User:EpochFail/Journal/2011-07-18

This content has been copy-pasted from another wiki. Effort has been made to move content and images, but some links might be dead.

Monday, July 18th

It looks like the process that was aggregating data over the weekend pooped out since it lost connection to the MySQL server. I've fixed the code of such disconnections won't be disastrous and restarted. I plan to spend the morning examining the first bits of the output. --Ahalfaker 16:41, 18 July 2011 (UTC)

So I spent the morning and an hour after lunch working on the huggle experiment. We are getting the template put in huggle for hugglers!!! This is awesome.

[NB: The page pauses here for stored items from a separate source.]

(* Let $\mathcal{U}=[k]$ be finite, let $\{\mathbf{p}_u\}_{u\in\mathcal{U}}$ be a probability table with every $\mathbf{p}_u\in(0,1)^n$ and $\sum_i p_u^{(i)}=1$, let $d$ be a probability distribution on $\mathcal{U}$, and let $f_d(C^{(i)},C^{(j)})=\sum_{u}d(u)\,\frac{p_u^{(i)}}{p_u^{(i)}+p_u^{(j)}}$ for distinct $i,j$. For every cycle $\mathcal{C}=(c_1,\dots,c_\ell)$ of $\ell\ge3$ pairwise distinct indices in $[n]$, $$1<f_d(C^{(c_\ell)},C^{(c_1)})+\sum_{i=1}^{\ell-1}f_d(C^{(c_i)},C^{(c_{i+1})})<\ell-1.$$
   Context: $C^{(1)},\dots,C^{(n)}$ are class labels; $f_d$ are the overall opinions (edge-weights of the expert graph generated by the probability table and $d$); the displayed sum is the curl of the expert graph along $\mathcal{C}$. *)

From mathcomp Require Import all_boot all_order all_algebra.
Set Implicit Arguments. Unset Strict Implicit. Unset Printing Implicit Defensive.
Import Order.TTheory GRing.Theory Num.Theory.
Local Open Scope ring_scope.

Definition prob_table (R : realFieldType) (k n : nat) (p : 'I_k -> 'I_n -> R) :=
  (forall u i, 0 < p u i < 1) /\ (forall u, \sum_(i < n) p u i = 1).

Definition prob_dist (R : realFieldType) (k : nat) (d : 'I_k -> R) :=
  (forall u, 0 <= d u) /\ \sum_(u < k) d u = 1.

Definition f_d (R : realFieldType) (k n : nat) (p : 'I_k -> 'I_n -> R)
  (d : 'I_k -> R) (i j : 'I_n) : R :=
  \sum_(u < k) d u * (p u i / (p u i + p u j)).

(* Curl along the cycle c_1,...,c_l (c : 'I_l -> 'I_n, 0-indexed): 
   sum_{i<l} f_d(c_i, c_{(i+1) mod l}), which is the sum of the l-1 consecutive
   terms plus the closing term f_d(c_l, c_1). *)
Definition cycle_curl (R : realFieldType) (k n l : nat) (p : 'I_k -> 'I_n -> R)
  (d : 'I_k -> R) (c : nat -> 'I_n) : R :=
  \sum_(0 <= i < l) f_d p d (c i) (c ((i + 1) %% l)%N).

From mathcomp Require Import all_boot all_order all_algebra.
From mathcomp Require Import zify.
Set Implicit Arguments. Unset Strict Implicit. Unset Printing Implicit Defensive.
Import Order.TTheory GRing.Theory Num.Theory.
Local Open Scope ring_scope.

(* For a single expert with positive weights x_1, ..., x_l along the cycle, every
   denominator x_i + x_(i+1) is strictly smaller than the total weight T (as l >= 3),
   so sum_i x_i / (x_i + x_(i+1)) > sum_i x_i / T = 1; the same argument with the
   numerators x_(i+1) shows that the complementary sum, which adds up with the first
   one to l, also exceeds 1.  Averaging these bounds over the experts with the
   probability distribution d keeps them strict. *)

Lemma val_ordS l (i : 'I_l) : val (ordS i) = if i.+1 == l then 0%N else i.+1.
Proof.
rewrite /=; case: eqP => [->|ne]; first exact: modnn.
by rewrite modn_small //; have := ltn_ord i; lia.
Qed.

Lemma ordS_neq l (i : 'I_l) : (1 < l)%N -> ordS i != i.
Proof.
move=> l_gt1; apply/eqP => /(congr1 val).
by rewrite val_ordS /=; have := ltn_ord i; case: eqP; lia.
Qed.

Lemma ordSS_neq l (i : 'I_l) : (2 < l)%N -> ordS (ordS i) != i.
Proof.
move=> l_gt2; apply/eqP => /(congr1 val).
by rewrite !val_ordS /=; have := ltn_ord i; do 2 case: eqP; lia.
Qed.

Section Ratios.

Variable R : realFieldType.

Lemma sum_ratio_gt1 (I : finType) (i0 : I) (a b : I -> R) :
  (forall i, 0 < a i) -> (forall i, 0 < b i < \sum_j a j) ->
  1 < \sum_i a i / b i.
Proof.
move=> a_gt0 b_bounds; set A := \sum_j a j.
have A_gt0 : 0 < A by have /andP[b0 bA] := b_bounds i0; exact: lt_trans bA.
have -> : 1 = \sum_i a i / A by rewrite -mulr_suml divff // gt_eqF.
apply: ltr_sum => [|i _]; first by apply/hasP; exists i0; rewrite ?mem_index_enum.
have /andP[b_gt0 bA] := b_bounds i.
by rewrite ltr_pM2l // ltf_pV2.
Qed.

Variable l : nat.

Definition expert_curl (y : 'I_l -> R) := \sum_(i < l) y i / (y i + y (ordS i)).

Hypothesis l_ge3 : (3 <= l)%N.
Variable x : 'I_l -> R.
Hypothesis x_gt0 : forall i, 0 < x i.

Let l_gt1 : (1 < l)%N := ltnW l_ge3.
Let i0 : 'I_l := Ordinal (ltnW l_gt1).

Lemma adjacent_lt_sum i : x i + x (ordS i) < \sum_j x j.
Proof.
have Si_neq := ordS_neq i l_gt1.
have SSi_neq := ordSS_neq i l_ge3.
have SSi_neqS := ordS_neq (ordS i) l_gt1.
rewrite (bigD1 i) //= (bigD1 (ordS i)) //= addrA ltrDl.
rewrite (bigD1 (ordS (ordS i))) /=; last by rewrite SSi_neq SSi_neqS.
by apply: ltr_pwDl => //; apply: sumr_ge0 => j _; exact: ltW.
Qed.

Lemma expert_curl_gt1 : 1 < expert_curl x.
Proof.
apply: sum_ratio_gt1 i0 _ _ x_gt0 _ => i.
by rewrite adjacent_lt_sum andbT addr_gt0.
Qed.

Lemma expert_curl_lt : expert_curl x < l%:R - 1.
Proof.
have co_gt1 : 1 < \sum_(i < l) x (ordS i) / (x i + x (ordS i)).
  apply: sum_ratio_gt1 i0 _ _ (fun i => x_gt0 (ordS i)) _ => i.
  have sum_ordS : \sum_j x (ordS j) = \sum_j x j.
    by rewrite [RHS](reindex_inj (@ordS_inj l)).
  by rewrite sum_ordS adjacent_lt_sum andbT addr_gt0.
have sum_l : expert_curl x + \sum_(i < l) x (ordS i) / (x i + x (ordS i)) = l%:R.
  rewrite /expert_curl -big_split /= -[l in RHS]card_ord -sumr_const.
  by apply: eq_bigr => i _; rewrite -mulrDl divff // gt_eqF // addr_gt0.
by rewrite -sum_l -addrA ltrDl subr_gt0.
Qed.

End Ratios.

Section WeightedAverage.

Variables (R : realFieldType) (I : finType) (d : I -> R).
Hypotheses (d_ge0 : forall u, 0 <= d u) (d_sum1 : \sum_u d u = 1).

Lemma wavg_gt (a : R) (g : I -> R) : (forall u, a < g u) -> a < \sum_u d u * g u.
Proof.
move=> a_lt_g.
have : \sum_u d u != 0 by rewrite d_sum1 oner_neq0.
rewrite psumr_neq0 // => /hasP[u0 _ du0].
have terms_ge0 u : true -> 0 <= d u * (g u - a).
  by rewrite mulr_ge0 // subr_ge0 ltW.
rewrite -subr_gt0 -[a]mul1r -d_sum1 mulr_suml -sumrB.
under eq_bigr do rewrite -mulrBr.
rewrite lt0r sumr_ge0 // andbT psumr_neq0 //.
by apply/hasP; exists u0; rewrite ?mem_index_enum // mulr_gt0 // subr_gt0.
Qed.

Lemma wavg_lt (b : R) (g : I -> R) : (forall u, g u < b) -> \sum_u d u * g u < b.
Proof.
move=> g_lt_b; rewrite -ltrN2 -sumrN.
under eq_bigr do rewrite -mulrN.
by apply: wavg_gt => u; rewrite ltrN2.
Qed.

End WeightedAverage.

Lemma cycle_curlE (R : realFieldType) k n l (p : 'I_k -> 'I_n -> R) d c :
  cycle_curl l p d c = \sum_(u < k) d u * expert_curl (fun i : 'I_l => p u (c i)).
Proof.
rewrite /cycle_curl big_mkord /f_d exchange_big /=; apply: eq_bigr => u _.
by rewrite mulr_sumr; apply: eq_bigr => i _; rewrite addn1.
Qed.

Theorem corollary1 (R : realFieldType) (k n l : nat)
  (p : 'I_k -> 'I_n -> R) (d : 'I_k -> R) (c : nat -> 'I_n) :
  prob_table p -> prob_dist d ->
  (3 <= l)%N ->
  (forall i j, (i < l)%N -> (j < l)%N -> c i = c j -> i = j) ->
  1 < cycle_curl l p d c < (l%:R - 1).
Proof.
move=> [p_bounds _] [d_ge0 d_sum1] l_ge3 _.
have x_gt0 u (i : 'I_l) : 0 < p u (c i) by have /andP[] := p_bounds u (c i).
rewrite cycle_curlE; apply/andP; split.
- by apply: wavg_gt => // u; exact: expert_curl_gt1.
- by apply: wavg_lt => // u; exact: expert_curl_lt.
Qed.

I've got my dataset for first user sessions so I'm planning to work on that for a little bit (descriptive stats and visualizations) then do some writing. I have a few ideas that would be good to document. --Ahalfaker 21:13, 18 July 2011 (UTC)

Edit count distributions by year. Log bucketed.

Edit count proportions by year. Log bucketed.

I got side-tracked by some work for the huggle experiment. I just checked in svn/mediawiki/trunk/tools/wsor/newbie_warning/track_hugglers.py. I ran a test over night to make sure I could handle a lot of talk posts. This morning, I came in to find that I had tracked 500+ messages with 351 still waiting to be read. --Ahalfaker 16:25, 19 July 2011 (UTC)

Tuesday, July 19th

Worked on huggle a bit and am going back and forth with Stu on getting it running. I've take a back seat since I got the tracking script finished and that has given me time to get back to analysis.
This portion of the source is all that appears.